Those numbers—a set of values describing the percentage of land near tributaries that has yet to be designated as legally protected—provide the real takeaway here. The legal protections that the number helped inform are still enforced today, in the form of the Watershed Protection Act, which “regulates land use and activities to protect the drinking water supply of over 3 million people.”

For a long time, maps were regarded as databases in their own right. Urban tax and fire insurance atlases are a fine example of that: they stored precious information and provided instructions for how users could query it. Placed in its context, it’s clear that the buffer map of Wachusett tributaries is something different, less a database and more an artifact of spatial statistics. The map provides visual evidence that the calculated number is real.

A printout from the Walking Distance Locator kiosk, alongside photos of the kiosk installed in the park at the corner of Washington and School Streets..

A printout from the Walking Distance Locator kiosk, alongside photos of the kiosk installed in the park at the corner of Washington and School Streets..

None of this should suggest that computers made spatial analysis possible in the first place, nor should it imply that GIS made maps obsolete as wayfinding objects. In 1989, the Boston-based company Visual Media Inc. installed three “Walking Distance Locator” kiosks in the Back Bay.
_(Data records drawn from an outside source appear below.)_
(* Let $G$ be a countable discrete group and $\sigma: G\curvearrowright(X,\nu)$ a p.m.p. action on a standard probability space. For every natural number $n$ the map $\Psi_n: H^n(G,\mathbb{T})\to H^n(G\curvearrowright X;\mathbb{T})$, $\Psi_n([c])=[c']$ with $c'(g_1,\dots,g_n,x)=c(g_1,\dots,g_n)$, is a well-defined group homomorphism. Moreover: (i) if $\sigma$ is weakly mixing then $\Psi_1$ is injective; (ii) if the diagonal action $\sigma^2:G\curvearrowright(X^2,\nu^2)$ is weakly mixing and $\mathbb{T}$-cocycle superrigid, then $\Psi_2$ is injective.
   Context: $\mathbb{T}$ is the unit circle with trivial $G$-action; $H^n(G,\mathbb{T})$ is group cohomology via inhomogeneous cochains. For a p.m.p. action, a measurable $c:G^n\times X\to\mathbb{T}$ is an $n$-cocycle if for all $g_1,\dots,g_{n+1}$ and a.e. $x$: $c(g_2,\dots,g_{n+1},g_1^{-1}x)\prod_{i=1}^n c(g_1,\dots,g_ig_{i+1},\dots,g_{n+1},x)^{(-1)^i}\cdot c(g_1,\dots,g_n,x)^{(-1)^{n+1}}=1$; $c_1,c_2$ are cohomologous if for some measurable $b:G^{n-1}\times X\to\mathbb{T}$, for all $g_i$ and a.e. $x$, $c_1(g_1,\dots,g_n,x)\,b(g_2,\dots,g_n,g_1^{-1}x)\prod_{i=1}^{n-1}b(g_1,\dots,g_ig_{i+1},\dots,g_n,x)^{(-1)^i}\cdot b(g_1,\dots,g_{n-1},x)^{(-1)^n}=c_2(g_1,\dots,g_n,x)$; $H^n(G\curvearrowright X;\mathbb{T})$ is cocycles modulo those cohomologous to $1$. Weakly mixing: the diagonal action on the product of two copies is ergodic. A free ergodic p.m.p. action $G\curvearrowright(Y,\eta)$ is $\mathbb{T}$-cocycle superrigid if every measurable $c:G\times Y\to\mathbb{T}$ with $c(gh,y)=c(g,y)c(h,g^{-1}y)$ a.e. is of the form $c(g,y)=\lambda(g)b(y)b(g^{-1}y)^{-1}$ a.e. for some homomorphism $\lambda:G\to\mathbb{T}$ and measurable $b:Y\to\mathbb{T}$. *)

From HB Require Import structures.
From mathcomp Require Import all_boot all_order all_algebra.
From mathcomp Require Import complex.
From mathcomp Require Import all_classical all_reals all_analysis.
Set Implicit Arguments. Unset Strict Implicit. Unset Printing Implicit Defensive.
Import Order.TTheory GRing.Theory Num.Theory.
Local Open Scope classical_set_scope.
Local Open Scope ring_scope.
(* With [U = e3 + s e0] and [V = e2 - s e1] the equations say
   [aU = bU = aV = bV = 0], while [e (1 + s k)] has coordinates [-sU, sV, V, U]. *)
Lemma line_eqs_annihilator_param s a b e Lp Ld : s * s = -1 -> a != 0 \/ b != 0 ->
  line_eqs (Quat a b (s * b) (- (s * a))) e Lp Ld 0 -> qmul e (Quat 1 0 0 s) = qzero F.
Proof.
case: e => e0 e1 e2 e3 s2 ab0.
rewrite /line_eqs /qmul_k_conj /qmul_conj /qmul /qconj /qk /qscale /qadd /qopp /qzero.
rewrite /=.
rewrite !mul0r => -[_ [[_ /eqP Ei /eqP Ej /eqP Ek] [E0 _ _ _]]].
move: Ei Ej Ek; rewrite !oppr_eq0 => /eqP Ei /eqP Ej /eqP Ek.
set U := e3 + s * e0; set V := e2 - s * e1.
have K1 : b * U + a * V = 0 by apply: mul2f_eq0; rewrite -Ei /U /V; ring: s2.
have K2 : b * U - a * V = 0.
  by apply: mul2f_eq0; rewrite -(mulr0 (- s)) -Ej /U /V; ring: s2.
have K3 : a * U + b * V = 0 by apply: mul2f_eq0; rewrite -(mulr0 s) -Ek /U /V; ring: s2.
have K0 : b * V - a * U = 0.
  by apply: mul2f_eq0; rewrite -(mulr0 (- s)) -E0 /U /V; ring: s2.
have [bU aV] := addr_subr_eq0 K1 K2.
have [bV aU] := addr_subr_eq0 (etrans (addrC _ _) K3) K0.
have e3E : e3 = - (s * e0).
  by apply/eqP; rewrite -addr_eq0 -/U (mulf_eq0_either aU bU ab0).
have e2E : e2 = s * e1.
  by apply/eqP; rewrite -subr_eq0 -/V (mulf_eq0_either aV bV ab0).
by rewrite e3E e2E; congr Quat; ring: s2.
Qed.

Lemma line_eqs0_annihilator p e Lp Ld : p <> qzero F -> line_eqs p e Lp Ld 0 ->
  exists2 s, s * s = -1 &
    qmul p (Quat 1 0 0 s) = qzero F /\ qmul e (Quat 1 0 0 s) = qzero F.
Proof.
case: p => a b c d p0 Ep; have [Epp _] := Ep.
have [s s2 [cE dE]] := qmul_k_conj_self_eq0 p0 (etrans Epp (qscale0l _)).
subst c d; exists s => //; split.
  by rewrite /qmul /qzero /=; congr Quat; ring: s2.
apply: line_eqs_annihilator_param s2 _ Ep.
have [a0|] := eqVneq a 0; [right | by left].
by apply: contraPneq p0 => b0; rewrite a0 b0 !mulr0 oppr0.
Qed.

End NullQuaternions.

Lemma dvdp_size_eq_polyC (F : fieldType) (f g : {poly F}) :
  f != 0 -> f %| g -> size g = size f -> exists2 k, k != 0 & g = k%:P * f.
Proof.
move=> f0 fg sgf; have lf0 : lead_coef f != 0 by rewrite lead_coef_eq0.
have lg0 : lead_coef g != 0 by rewrite lead_coef_eq0 -size_poly_eq0 sgf size_poly_eq0.
exists (lead_coef g / lead_coef f); first by rewrite mulf_neq0 ?invr_eq0.
have /eqp_eq fgE : f %= g by rewrite -dvdp_size_eqp // sgf.
by rewrite mul_polyC mulrC -scalerA fgE scalerA mulVf // scale1r.
Qed.

Lemma dvdp_divp_gcdp (F : fieldType) (f g h : {poly F}) :
  f %| h %/ gcdp g h -> f %| h.
Proof. by move/dvdp_trans; apply; rewrite divp_dvd // dvdp_gcdr. Qed.

Lemma not_dvdp_gcdp (F : fieldType) (f g h : {poly F}) :
  f %| h %/ gcdp g h -> ~~ (f ^+ 2 %| h) -> ~~ (f %| g).
Proof.
move=> fdiv; apply: contra => fg; have fh := dvdp_divp_gcdp fdiv.
rewrite -(divpK (dvdp_gcdr g h)) expr2 dvdp_mul //.
by rewrite dvdp_gcd fg fh.
Qed.

Section ComplexEvaluation.
Variable R : rcfType.
Local Open Scope complex_scope.
Implicit Types (f r : {poly R}) (X Y P D Lp Ld : hpoly R).

Lemma real_complex_comm (z : R[i]) : commr_rmorph (real_complex R) z.
Proof. by move=> x; apply: mulrC. Qed.

Local Notation evalC z := (horner_morph (real_complex_comm z)).

Lemma irredp_evalC_root f : irreducible_poly f -> exists z, evalC z f = 0.
Proof.
move=> [sf _]; have /closed_rootP[z fz] : size (map_poly (real_complex R) f) != 1.
  by rewrite size_map_poly neq_ltn sf orbT.
by exists z; apply/eqP.
Qed.

Lemma dvdp_rgcd_qscale f Y : f %| rgcd (qscale f Y).
Proof.
rewrite /rgcd /=; set g := gcdp _ _.
have fg : f %| g by rewrite !dvdp_gcd !dvdp_mulIl.
have [->|lg0] := eqVneq (lead_coef g) 0; first by rewrite invr0 scale0r dvdp0.
by rewrite dvdpZr ?invr_eq0.
Qed.

Section IrreducibleRoot.
Variables (f : {poly R}) (z : R[i]).
Hypotheses (irr_f : irreducible_poly f) (fz : evalC z f = 0).

Lemma dvdp_evalC r : (f %| r) = (evalC z r == 0).
Proof.
apply/idP/eqP => [/divpK <-|rz]; first by rewrite rmorphM /= fz mulr0.
apply: contraTT (introT eqP rz) => nfr.
rewrite -(irreducible_poly_coprime _ irr_f) -(coprimep_map (real_complex R)) in nfr.
by apply: coprimep_root nfr _; apply/eqP.
Qed.

Lemma qmap_evalC_eq0 X : qmap (evalC z) X = qzero _ -> exists Y, X = qscale f Y.
Proof.
case: X => a b c d [] /eqP az /eqP bz /eqP cz /eqP dz.
exists (Quat (a %/ f) (b %/ f) (c %/ f) (d %/ f)).
by rewrite /qscale /= ![f * _]mulrC !divpK // dvdp_evalC.
Qed.

Lemma evalC_line_eqs_neq0 P D Lp Ld h1 : ~~ (f %| h1) -> ~~ (f %| rgcd Lp) ->
  line_eqs P D Lp Ld (h1 * f) -> qmap (evalC z) P <> qzero _.
Proof.
move=> nfh1 nfL [E1 _] /qmap_evalC_eq0[P0 PE].
have E : qscale f (qmul_k_conj P0 P0) = qscale h1 Lp.
  apply: (qscale_inj (irredp_neq0 irr_f)).
  by rewrite !qscaleA -qmul_k_conj_scale -PE E1 mulrC.
have h1z : evalC z h1 != 0 by rewrite -dvdp_evalC.
have /qmap_evalC_eq0[L0 LE] : qmap (evalC z) Lp = qzero _.
  by apply: (qscale_eq0 h1z); rewrite -qmap_scale -E qmap_scale /= fz qscale0l.
by move: nfL; rewrite LE dvdp_rgcd_qscale.
Qed.

End IrreducibleRoot.

Lemma sqrtN1_complex (s : R[i]) :
  s * s = -1 -> exists2 r : R, r * r = 1 & s = 'i * r%:C.
Proof.
move=> s2; have i2 : 'i * 'i = -1 :> R[i] by rewrite -expr2 sqr_i.
have : (s - 'i) * (s + 'i) = 0 by ring: s2 i2.
move/eqP; rewrite mulf_eq0 subr_eq0 addr_eq0 => /orP[]/eqP->.
  by exists 1; rewrite ?mulr1 ?rmorph1.
by exists (-1); rewrite ?mulrNN ?mulr1 ?rmorphN1 ?mulrN1.
Qed.

Lemma real_1k_factor (z s : R[i]) : s * s = -1 ->
  exists u w : {poly R}, exists c,
    [/\ size (u ^+ 2 + w ^+ 2) = 3%N, evalC z (u ^+ 2 + w ^+ 2) = 0
       & qmap (evalC z) (Quat u 0 0 w) = qscale c (Quat 1 0 0 s)].
Proof.
move=> /sqrtN1_complex[r r2 ->]; set c := 'i * (complex.Im z)%:C.
have i2 : 'i * 'i = -1 :> R[i] by rewrite -expr2 sqr_i.
have r2C : r%:C * r%:C = 1 :> R[i] by rewrite -rmorphM r2 rmorph1.
have uz : evalC z ('X - (complex.Re z)%:P) = c.
  by rewrite rmorphB /= horner_morphX horner_morphC {1}(complexE z) addrC addKr.
have wz : evalC z (- (r * complex.Im z))%:P = c * ('i * r%:C).
  by rewrite horner_morphC rmorphN rmorphM /c; ring: i2.
exists ('X - (complex.Re z)%:P), (- (r * complex.Im z))%:P, c; split.
- rewrite size_polyDl size_exp_XsubC // -rmorphXn size_polyC.
  by case: (_ != 0).
- by rewrite rmorphD !rmorphXn /= uz wz; ring: i2 r2C.
- by rewrite /qmap /= uz wz rmorph0 /qscale /=; congr Quat; ring.
Qed.

Lemma line_eqs_divp_irr f z P D Lp Ld h1 :
  irreducible_poly f -> evalC z f = 0 -> size f = 3%N -> qmap (evalC z) P <> qzero _ ->
  line_eqs P D Lp Ld (h1 * f) ->
  exists k, exists P1 D1, k != 0 /\ line_eqs P1 D1 Lp Ld (k%:P * h1).
Proof.
move=> irr_f fz sf Pz E; have f0 := irredp_neq0 irr_f.
have E0 : line_eqs (qmap (evalC z) P) (qmap (evalC z) D)
                   (qmap (evalC z) Lp) (qmap (evalC z) Ld) 0.
  by have := line_eqs_map (evalC z) E; rewrite rmorphM /= fz mulr0.
have two_neq0 : 2 != 0 :> R[i] by rewrite pnatr_eq0.
have [s s2 [Ps Ds]] := line_eqs0_annihilator two_neq0 Pz E0.
have [u [w [c [sg gz Qz]]]] := real_1k_factor z s2.
have divQ X : qmul (qmap (evalC z) X) (Quat 1 0 0 s) = qzero _ ->
    exists Y, qmul X (Quat u 0 0 w) = qscale f Y.
  move=> Xs; apply: (qmap_evalC_eq0 irr_f fz).
  by rewrite qmap_mul Qz qmul_scaler Xs qscale0.
have [P1 PE] := divQ _ Ps; have [D1 DE] := divQ _ Ds.
have [k k0 gE] : exists2 k, k != 0 & u ^+ 2 + w ^+ 2 = k%:P * f.
  by apply: dvdp_size_eq_polyC; rewrite ?(dvdp_evalC irr_f fz) ?gz ?sg ?sf.
exists k, P1, D1; split=> //.
apply: (line_eqs_scaleK f0); rewrite -PE -DE.
have -> : f ^+ 2 * (k%:P * h1) = (u ^+ 2 + w ^+ 2) * (h1 * f) by rewrite gE; ring.
exact: line_eqs_mulr_1k.
Qed.

End ComplexEvaluation.

Lemma line_eqs_normalize (R : rcfType) (P D Lp Ld : hpoly R) (k : R) (h : {poly R}) :
  k != 0 -> line_eqs P D Lp Ld (k%:P * h) ->
  exists Pt Dt : hpoly R, line_eqs Pt Dt Lp Ld h.
Proof.
move=> k0 E; set s := (Num.sqrt `|k|)^-1.
have s2k : s ^+ 2 * `|k| = 1.
  by rewrite exprVn sqr_sqrtr ?normr_ge0 // mulVf ?normr_eq0.
have := line_eqs_scale s%:P E; rewrite mulrA -rmorphXn -rmorphM /=.
have [kgt0 | kle0] := ltrP 0 k.
  by rewrite -(gtr0_norm kgt0) s2k mul1r => Et; exists (qscale s%:P P), (qscale s%:P D).
rewrite -[k]opprK -(ler0_norm kle0) mulrN s2k rmorphN1 mulN1r => /line_eqs_mulr_i.
by rewrite opprK => Et; exists (qmul (qscale s%:P P) qi), (qmul (qscale s%:P D) qi).
Qed.

Theorem lemma7 (R : rcfType) (Lp Ld : hpoly R) (h f : {poly R}) (P D : hpoly R) :
  is_line_poly Lp Ld ->
  h != 0 ->
  is_motion_poly P D ->
  three_eqs P D Lp Ld h ->
  size f = 3%N ->
  irreducible_poly f ->
  f %| h %/ gcdp (rgcd Lp) h ->
  ~~ (f ^+ 2 %| h) ->
  exists Pt Dt : hpoly R,
    is_motion_poly Pt Dt /\ three_eqs Pt Dt Lp Ld (h %/ f).
Proof.
move=> [_ [_ [_ Lp0]]] h0 _ E sf irr_f fdiv nf2.
have hE : h = h %/ f * f by rewrite divpK // (dvdp_divp_gcdp fdiv).
have h1_0 : h %/ f != 0 by apply: contra h0 => /eqP h1_0; rewrite hE h1_0 mul0r.
have nfh1 : ~~ (f %| h %/ f) by apply: contra nf2 => fh1; rewrite hE expr2 dvdp_mul.
have [z fz] := irredp_evalC_root irr_f.
have {}E : line_eqs P D Lp Ld (h %/ f * f) by rewrite -hE.
have Pz := evalC_line_eqs_neq0 irr_f fz nfh1 (not_dvdp_gcdp fdiv nf2) E.
have [k [P1 [D1 [k0 E1]]]] := line_eqs_divp_irr irr_f fz sf Pz E.
have [Pt [Dt Et]] := line_eqs_normalize k0 E1.
exists Pt, Dt; split=> //; split; last by case: Et => _ [].
exact: line_eqs_neq0 h1_0 Lp0 Et.
Qed.
(* There exists a $5\times 5$ pandiagonal magic square $A$ whose twenty-five entries are pairwise distinct strings of length $4$ over $\{0,1,2\}$ (read as decimal numbers, leading zeros allowed), with magic sum $S1=5555$, such that the rotated array $R(A)$ is also a magic square with magic sum $5555$.
   Context: A magic square of order $n$ is an $n\times n$ array of numbers in which the sums of the entries of each row, of each column and of each of the two principal diagonals all equal a common value $S1$ (the magic sum). It is pandiagonal if moreover all $2n$ broken diagonals (the sets $\{(i,j): j-i\equiv c \pmod n\}$ and $\{(i,j): i+j\equiv c\pmod n\}$) have sum $S1$. For an $n\times n$ array $A$ whose entries are digit strings $d_1d_2\cdots d_k$ over $\{0,1,2\}$, the rotated array $R(A)$ is defined by $R(A)_{i,j}=\overline{A_{n+1-i,\,n+1-j}}$, where $\overline{d_1\cdots d_k}=d_k\cdots d_1$. Strings are interpreted as decimal integers. *)

From mathcomp Require Import all_boot.
Set Implicit Arguments. Unset Strict Implicit. Unset Printing Implicit Defensive.

(* A digit string d_1 d_2 ... d_k is a list of digits (most significant first). *)
Definition digstr := seq nat.

Definition decval (s : digstr) : nat := foldl (fun acc d => acc * 10 + d) 0 s.

Definition ternary_string (k : nat) (s : digstr) : bool :=
  (size s == k) && all (fun d => d < 3) s.

Definition array (n : nat) := 'I_n -> 'I_n -> nat.

Definition row_sum n (M : array n) (i : 'I_n) := \sum_(j < n) M i j.
Definition col_sum n (M : array n) (j : 'I_n) := \sum_(i < n) M i j.
Definition diag_sum n (M : array n) := \sum_(i < n) M i i.
Definition antidiag_sum n (M : array n) := \sum_(i < n) M i (rev_ord i).

Definition is_magic n (M : array n) (S1 : nat) : Prop :=
  (forall i, row_sum M i = S1) /\ (forall j, col_sum M j = S1) /\
  diag_sum M = S1 /\ antidiag_sum M = S1.

Definition broken_diag_sum n (M : array n) (c : nat) :=
  \sum_(i < n) \sum_(j < n | (j + n - i) %% n == c %% n) M i j.
Definition broken_antidiag_sum n (M : array n) (c : nat) :=
  \sum_(i < n) \sum_(j < n | (i + j) %% n == c %% n) M i j.

Definition is_pandiagonal_magic n (M : array n) (S1 : nat) : Prop :=
  is_magic M S1 /\
  (forall c, c < n -> broken_diag_sum M c = S1) /\
  (forall c, c < n -> broken_antidiag_sum M c = S1).

Definition val_array n (A : 'I_n -> 'I_n -> digstr) : array n :=
  fun i j => decval (A i j).

(* rotated array: R(A)_{i,j} = reverse of A_{n+1-i, n+1-j} (1-based) *)
Definition rot_array n (A : 'I_n -> 'I_n -> digstr) : 'I_n -> 'I_n -> digstr :=
  fun i j => rev (A (rev_ord i) (rev_ord j)).

From mathcomp Require Import all_boot.

Set Implicit Arguments.
Unset Strict Implicit.
Unset Printing Implicit Defensive.

(* The theorem is witnessed by the explicit square [witness]; all its
   properties are finite, so they are checked by evaluation once every
   quantifier over ['I_n] and every big sum is replaced by a computation over
   an explicit enumeration of ['I_n]. *)

(* [ord_enum] itself does not evaluate: [insub] decides membership through the
   opaque [idP]; [insub_eq] is its transparent variant. *)
Definition ord_seq n : seq 'I_n := pmap (@insub_eq _ _ _) (iota 0 n).

Lemma ord_seqE n : ord_seq n = ord_enum n.
Proof. by rewrite /ord_seq /ord_enum (eq_pmap (@insub_eqE _ _ _)). Qed.

Lemma all_ordP n (p : pred 'I_n) : reflect (forall i, p i) (all p (ord_seq n)).
Proof.
rewrite ord_seqE.
by apply: (iffP allP) => [p_all i | p_all i _]; [apply: p_all; rewrite mem_ord_enum|].
Qed.

Lemma all_ord2P n (p : 'I_n -> 'I_n -> bool) :
  reflect (forall i j, p i j) (all (fun i => all (p i) (ord_seq n)) (ord_seq n)).
Proof.
apply: (iffP (all_ordP _)) => [p_all i | p_all i]; last exact/all_ordP.
exact/all_ordP/p_all.
Qed.

Lemma all_iotaP n (p : pred nat) : reflect (forall c, c < n -> p c) (all p (iota 0 n)).
Proof.
by apply: (iffP allP) => p_all c; [move=> lt_cn|rewrite mem_iota => /p_all];
  [apply: p_all; rewrite mem_iota|].
Qed.

Definition ord_sum n (P : pred 'I_n) (F : 'I_n -> nat) : nat :=
  sumn (map F (filter P (ord_seq n))).

Lemma big_ord_sum n (P : pred 'I_n) (F : 'I_n -> nat) :
  \sum_(i < n | P i) F i = ord_sum P F.
Proof.
by rewrite /ord_sum sumnE big_map big_filter [index_enum _]unlock Finite.enum.unlock ord_seqE.
Qed.

Section Checks.

Variables (n : nat) (M : array n) (S1 : nat).

Definition magic_check : bool :=
  [&& all (fun i => ord_sum predT (M i) == S1) (ord_seq n),
      all (fun j => ord_sum predT (M^~ j) == S1) (ord_seq n),
      ord_sum predT (fun i => M i i) == S1
    & ord_sum predT (fun i => M i (rev_ord i)) == S1].

Definition pandiagonal_check : bool :=
  [&& magic_check,
      all (fun c => ord_sum predT (fun i =>
             ord_sum (fun j => (j + n - i) %% n == c %% n) (M i)) == S1) (iota 0 n)
    & all (fun c => ord_sum predT (fun i =>
             ord_sum (fun j => (i + j) %% n == c %% n) (M i)) == S1) (iota 0 n)].

Lemma magic_checkP : magic_check -> is_magic M S1.
Proof.
case/and4P=> /all_ordP rows /all_ordP cols diag adiag.
rewrite /is_magic /row_sum /col_sum /diag_sum /antidiag_sum.
by do !split=> *; rewrite big_ord_sum; apply/eqP.
Qed.

Lemma pandiagonal_checkP : pandiagonal_check -> is_pandiagonal_magic M S1.
Proof.
case/and3P=> /magic_checkP magic /all_iotaP diags /all_iotaP adiags.
split=> //; split=> c lt_cn; rewrite /broken_diag_sum /broken_antidiag_sum;
  under eq_bigr do rewrite big_ord_sum; rewrite big_ord_sum; apply/eqP.
- exact: diags.
- exact: adiags.
Qed.

End Checks.

Lemma injective2_checkP n (T : eqType) (A : 'I_n -> 'I_n -> T) :
  all (fun i => all (fun j =>
    all (fun i' => all (fun j' => (A i j == A i' j') ==> (i == i') && (j == j'))
      (ord_seq n)) (ord_seq n)) (ord_seq n)) (ord_seq n) ->
  forall i j i' j', A i j = A i' j' -> i = i' /\ j = j'.
Proof.
move=> /all_ord2P A_inj i j i' j' eq_A.
by move: (A_inj i j) => /all_ord2P/(_ i' j'); rewrite eq_A eqxx => /andP[/eqP-> /eqP->].
Qed.

Definition witness_table : seq (seq digstr) :=
  [:: [:: [:: 1; 1; 0; 2]; [:: 1; 2; 2; 1]; [:: 2; 1; 2; 2]; [:: 1; 0; 0; 0]; [:: 0; 1; 1; 0]];
      [:: [:: 1; 0; 2; 2]; [:: 0; 1; 0; 0]; [:: 1; 1; 1; 0]; [:: 1; 2; 0; 2]; [:: 2; 1; 2; 1]];
      [:: [:: 1; 2; 1; 0]; [:: 2; 1; 0; 2]; [:: 1; 0; 2; 1]; [:: 0; 1; 2; 2]; [:: 1; 1; 0; 0]];
      [:: [:: 0; 1; 2; 1]; [:: 1; 1; 2; 2]; [:: 1; 2; 0; 0]; [:: 2; 1; 1; 0]; [:: 1; 0; 0; 2]];
      [:: [:: 2; 1; 0; 0]; [:: 1; 0; 1; 0]; [:: 0; 1; 0; 2]; [:: 1; 1; 2; 1]; [:: 1; 2; 2; 2]]].

Definition witness (i j : 'I_5) : digstr := nth [::] (nth [::] witness_table i) j.

Theorem mainTheorem3 :
  exists A : 'I_5 -> 'I_5 -> digstr,
    (forall i j, ternary_string 4 (A i j)) /\
    (forall i j i' j', A i j = A i' j' -> i = i' /\ j = j') /\
    is_pandiagonal_magic (val_array A) 5555 /\
    is_magic (val_array (rot_array A)) 5555.
Proof.
exists witness; split; [|split; [|split]].
- by apply/(all_ord2P (fun i j => ternary_string 4 (witness i j))); vm_compute.
- by apply: injective2_checkP; vm_compute.
- by apply: pandiagonal_checkP; vm_compute.
- by apply: magic_checkP; vm_compute.
Qed.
Using the kiosks—themselves geographic information systems that had been installed as pieces of infrastructure in the landscape—people could print out physical locator maps that directed them towards local businesses based on a predefined category, such as “Book store.”

Although the Walking Distance Locator didn’t survive, it did foreshadow the economic model for how modern digital maps operate. The ubiquitous wayfinding platform Google Maps, reportedly an $11 billion dollar business, makes money just like the Walking Distance Locator: by advertising places to users based on their location. This sort of monetized spatial data circulates throughout our social lives in lots of ways: social media apps like Snapchat map users' video content, and TikTok uses “[Designated Market Area] geo-targeting” to provide “granular location targeting options” for businesses who advertise on the platform. When you read a digital map today, it’s often reading you too, trying to determine who you are based on where you are.

A targeted Google Maps advertisement for a bagel & coffee shop in the Back Bay, based on LMEC staff’s location at the nearby Central Library (and, presumably, the likelihood that this ad will appeal to them).

A targeted Google Maps advertisement for a bagel & coffee shop in the Back Bay, based on LMEC staff’s location at the nearby Central Library (and, presumably, the likelihood that this ad will appeal to them).

Like all technological developments, the analytic and economic benefits reaped by advancements in computer cartography would not be shared evenly throughout the twentieth century, nor into the twenty-first. Those advancements were consequences of a world that was becoming more anxious about geopolitics, more concerned over environmental management, and more attuned to structural disparities along the axes of ethnicity, race, and gender. However, while counter-mapping projects would not enjoy the benefits of computer cartography and GIS until quite a while after it emerged, these groups had long been processing the world in their own way.

Decades before the dawn of the computer, W.E.B. Du Bois created stunning maps and complex data visualizations for the 1900 Exposition universelle in Paris, conveying the experiences of Black Americans—visualizations that continue to have resonance in geography and data science today. Later on, between the late 1960s and early 1970s, the Detroit Geographical Expedition and Institute (DGEI) harnessed complex methods of qualitative and quantitative cartography to make counter-maps that showed “Inequality Between Detroit City and Suburbs,” or even more provocatively, “Where Commuters Run Over Black Children.” These projects pushed back against prevailing ideas about who could map and who deserved to be mapped, and their legacy continues in digital mapping projects like Land-Grab Universities (2020), which meticulously documents the extent of indigenous land expropriation associated with the Morrill Act in 1862.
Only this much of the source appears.